Our daughters need the same intentionality. They need fathers who help them recognize respect, safety, consistency, and genuine partnership. They need fathers who don’t ask them to accept in adulthood what they watched damage their mothers in childhood. They need us to understand that children are always studying the adults around them. They’re listening to the words we think they missed and remembering the moments we assumed they’d forget.
That’s why the final message I gave Dad & Company graduates may be the most important. Adults often experience life situation to situation. We look at the argument, the schedule, the court order, the missed payment, or the latest disagreement as one event among many.
Children, however, experience those same lives moment to moment. They may not understand the entire situation, but they understand how a moment felt. They remember who showed up. They remember the tone in the room. They remember whether they felt safe, whether their name became a weapon, whether a parent kept a promise, and whether love remained visible when adults were angry.
Building Fatherhood Programs That Emphasize Co-parenting
The work ahead for FI is to keep building a model strong enough to honor that reality:
- We must recruit more co-parents and support people without losing the father-centered doorway that has made our work effective.

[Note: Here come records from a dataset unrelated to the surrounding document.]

(* Let $p$ be prime, $\mathcal{A}=\mathbb{Z}/p$ and $D\ge1$. Then every nontrivial linear cellular automaton on $\mathcal{A}^{\mathbb{Z}^D}$ is diffusive in density.
   Context: For $\vec m\in\mathbb{Z}^D$, $(\sigma^{\vec m}\mathbf{a})_{\vec n}=a_{\vec m+\vec n}$. Every LCA on $\mathcal{A}^{\mathbb{Z}^D}$ has the form $\mathfrak{F}=\sum_{\vec u\in U}f_{\vec u}\sigma^{\vec u}$ with $U$ finite, $f_{\vec u}\in\mathbb{Z}/p$; it is nontrivial if at least two of the coefficients $f_{\vec u}$ are nonzero. Characters of $\mathcal{A}^{\mathbb{Z}^D}$ are $\chi=\bigotimes_{\vec n}\chi_{\vec n}$ with $\chi_{\vec n}$ characters of $\mathcal{A}$, all but finitely many trivial; rank$(\chi)$ is the number of nontrivial $\chi_{\vec n}$. $\mathfrak{F}$ is diffusive in density if for every nontrivial character $\chi$ there is $J_\chi\subset\mathbb{N}$ of Cesàro density 1 (i.e. $|J_\chi\cap[1,N]|/N\to1$) such that rank$(\chi\circ\mathfrak{F}^j)\to\infty$ as $j\to\infty$, $j\in J_\chi$. *)

From mathcomp Require Import all_boot all_order all_algebra all_field.
Set Implicit Arguments. Unset Strict Implicit. Unset Printing Implicit Defensive.
Import Order.TTheory GRing.Theory Num.Theory.
Local Open Scope ring_scope.

Definition lattice (D : nat) := 'rV[int]_D.

Definition config (p D : nat) := lattice D -> 'F_p.

Definition shift (p D : nat) (m : lattice D) (a : config p D) : config p D :=
  fun n => a (m + n).

Definition lca (p D : nat) (U : seq (lattice D)) (f : lattice D -> 'F_p)
  (a : config p D) : config p D :=
  fun n => \sum_(u <- U) f u * shift u a n.

Definition nontrivial_lca (p D : nat) (U : seq (lattice D)) (f : lattice D -> 'F_p) : Prop :=
  exists u v, [/\ u \in U, v \in U, u != v, f u != 0 & f v != 0].

Definition is_charA (p : nat) (x : 'F_p -> algC) : Prop :=
  x 0 = 1 /\ forall a b, x (a + b) = x a * x b.

Definition trivial_charA (p : nat) (x : 'F_p -> algC) : bool :=
  [forall a, x a == 1].

Definition char_family (p D : nat) (chi : lattice D -> 'F_p -> algC)
  (S : seq (lattice D)) : Prop :=
  [/\ uniq S, (forall n, is_charA (chi n))
    & (forall n, n \notin S -> trivial_charA (chi n))].

Definition char_eval (p D : nat) (chi : lattice D -> 'F_p -> algC)
  (S : seq (lattice D)) (a : config p D) : algC :=
  \prod_(n <- S) chi n (a n).

Definition fam_rank (p D : nat) (chi : lattice D -> 'F_p -> algC)
  (S : seq (lattice D)) : nat :=
  count (fun n => ~~ trivial_charA (chi n)) S.

Definition has_rank (p D : nat) (psi : config p D -> algC) (r : nat) : Prop :=
  exists chi S, [/\ char_family chi S,
                    (forall a, psi a = char_eval chi S a)
                  & fam_rank chi S = r].

Definition density_one (J : nat -> bool) : Prop :=
  forall eps : rat, 0 < eps -> exists N0 : nat, forall N : nat, (N0 <= N)%N ->
    `| (count J (iota 1 N))%:R / N%:R - 1 | < eps.

Definition diffusive_in_density (p D : nat) (F : config p D -> config p D) : Prop :=
  forall (chi : lattice D -> 'F_p -> algC) (S : seq (lattice D)),
    char_family chi S -> (0 < fam_rank chi S)%N ->
    exists J : nat -> bool, density_one J /\
      forall M : nat, exists N0 : nat, forall j : nat, J j -> (N0 <= j)%N ->
        let psi := fun a => char_eval chi S (iter j F a) in
        (exists r, has_rank psi r) /\ (forall r, has_rank psi r -> (M <= r)%N).

From mathcomp Require Import all_boot all_order all_algebra all_field.
From mathcomp Require Import zify ring lra.
From Stdlib Require Import FunctionalExtensionality.
Set Implicit Arguments. Unset Strict Implicit. Unset Printing Implicit Defensive.
Import Order.TTheory GRing.Theory Num.Theory.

- We must help fathers address legal, economic, emotional, and relational barriers while also holding them accountable for the impact of their choices.
- We must give co-parents space to learn, speak, heal, and set expectations.

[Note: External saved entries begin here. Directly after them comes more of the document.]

Lemma rep_iter_fm k m x M X n : rep k m M -> rep k x X ->
  rep k (iter n (fm m) x) (iter n (fz M) X).
Proof. by move=> mM xX; elim: n => [|n IH] //=; apply: rep_fm. Qed.

Lemma fm_res m x y l : res x l = res y l -> res (fm m x) l = res (fm m y) l.
Proof.
move=> E; apply: (rep_res_eq (rep_fm (rep_res l m) (rep_res l x))).
by apply: rep_fm (rep_res l m) _; rewrite /rep E subrr dvdz0.
Qed.

(** * Cycles of the induced maps *)

Lemma two_lifts l A B Y : (A < 2 ^ l.+1)%N -> (B < 2 ^ l.+1)%N -> (Y < 2 ^ l.+1)%N ->
  (A %% 2 ^ l = B %% 2 ^ l)%N -> (Y %% 2 ^ l = A %% 2 ^ l)%N -> A <> B -> Y = A \/ Y = B.
Proof.
rewrite expnS => lt_A lt_B lt_Y AB YA.
have gt0 : (0 < 2 ^ l)%N by rewrite expn_gt0.
have qA : (A %/ 2 ^ l < 2)%N by rewrite ltn_divLR // mulnC.
have qB : (B %/ 2 ^ l < 2)%N by rewrite ltn_divLR // mulnC.
have qY : (Y %/ 2 ^ l < 2)%N by rewrite ltn_divLR // mulnC.
have := divn_eq A (2 ^ l); have := divn_eq B (2 ^ l); have := divn_eq Y (2 ^ l).
move: qA qB qY AB YA; move: (A %/ 2 ^ l)%N (B %/ 2 ^ l)%N (Y %/ 2 ^ l)%N.
by move=> [|[|?]] [|[|?]] [|[|?]] //=; lia.
Qed.

Lemma iter_modn (T : Type) (g : T -> T) k y j :
  iter k g y = y -> iter j g y = iter (j %% k) g y.
Proof.
move=> gky; rewrite {1}(divn_eq j k) addnC iterD; congr iter.
by elim: (j %/ k)%N => [|q IH] //; rewrite mulSn iterD IH.
Qed.

Lemma lift_lo_subproof l (y : 'I_(2 ^ l)) : (y < 2 ^ l.+1)%N.
Proof. by rewrite expnS; have := ltn_ord y; lia. Qed.

Lemma lift_hi_subproof l (y : 'I_(2 ^ l)) : (y + 2 ^ l < 2 ^ l.+1)%N.
Proof. by rewrite expnS; have := ltn_ord y; lia. Qed.

Definition lift_lo l (y : 'I_(2 ^ l)) : 'I_(2 ^ l.+1) := Ordinal (lift_lo_subproof y).
Definition lift_hi l (y : 'I_(2 ^ l)) : 'I_(2 ^ l.+1) := Ordinal (lift_hi_subproof y).

Lemma lift_lo_mod l (y : 'I_(2 ^ l)) : (lift_lo y %% 2 ^ l)%N = y.
Proof. by rewrite /= modn_small. Qed.

Lemma lift_hi_mod l (y : 'I_(2 ^ l)) : (lift_hi y %% 2 ^ l)%N = y.
Proof. by rewrite /= modnDr modn_small. Qed.

Lemma lift_lo_hi_neq l (y : 'I_(2 ^ l)) : lift_lo y <> lift_hi y.
Proof. by move/(congr1 val) => /=; have := expn_gt0 2 l; lia. Qed.

Section ExactPeriods.
Variables (f : Z2 -> Z2) (c0 : Z2) (n s : nat).

Local Notation Per l := (2 ^ (l - (n + s)) * 2)%N.
Local Notation B := (ball c0 (n - 1)).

- We must collect data on whether families are communicating differently, whether children are benefiting, whether referrals are completed, whether fathers remain engaged, and whether the support circle becomes stronger after graduation.
- We must keep listening closely enough to improve what we built.
The larger responsible fatherhood and social services fields must grow with us. Family-serving systems can’t keep asking fathers to take responsibility while designing services that treat them as optional. Fatherhood programs can’t celebrate engagement while ignoring safety, accountability, and the experiences of mothers. Co-parenting work can’t be reduced to forcing agreement between adults who may never agree. The goal isn’t romantic reunion. The goal is a mature parenting alliance capable of protecting a child from adult conflict.
The inaugural Dad & Company graduates gave us reason to believe that this is possible. They didn’t arrive as perfect men or leave as finished ones. They arrived willing to learn, to listen, to be challenged, and to try again. Their co-parents and families didn’t come because every wound had healed. They came because presence itself can become part of the healing. Together, they showed us what it looks like when fatherhood expands from an individual identity into a shared family responsibility.
I left the graduation proud, but not satisfied. Pride celebrates the fathers who crossed the stage. Purpose reminds us of the fathers who have yet to find the door, the mothers who are still carrying the parenting team alone, the children waiting for adults to stop fighting long enough to see them, and the communities that need a new picture of what cooperation can look like. The first class has set the standard. Now we have to build the tradition.
To every father who graduated, every co-parent who stood beside him, and every child who watched, my charge remains the same: Keep the main thing the main thing. Don’t dismiss the moment because you’re overwhelmed by the situation. Your children are building their understanding of love, safety, trust, and family from what you do next. Live your life for them, moment to moment.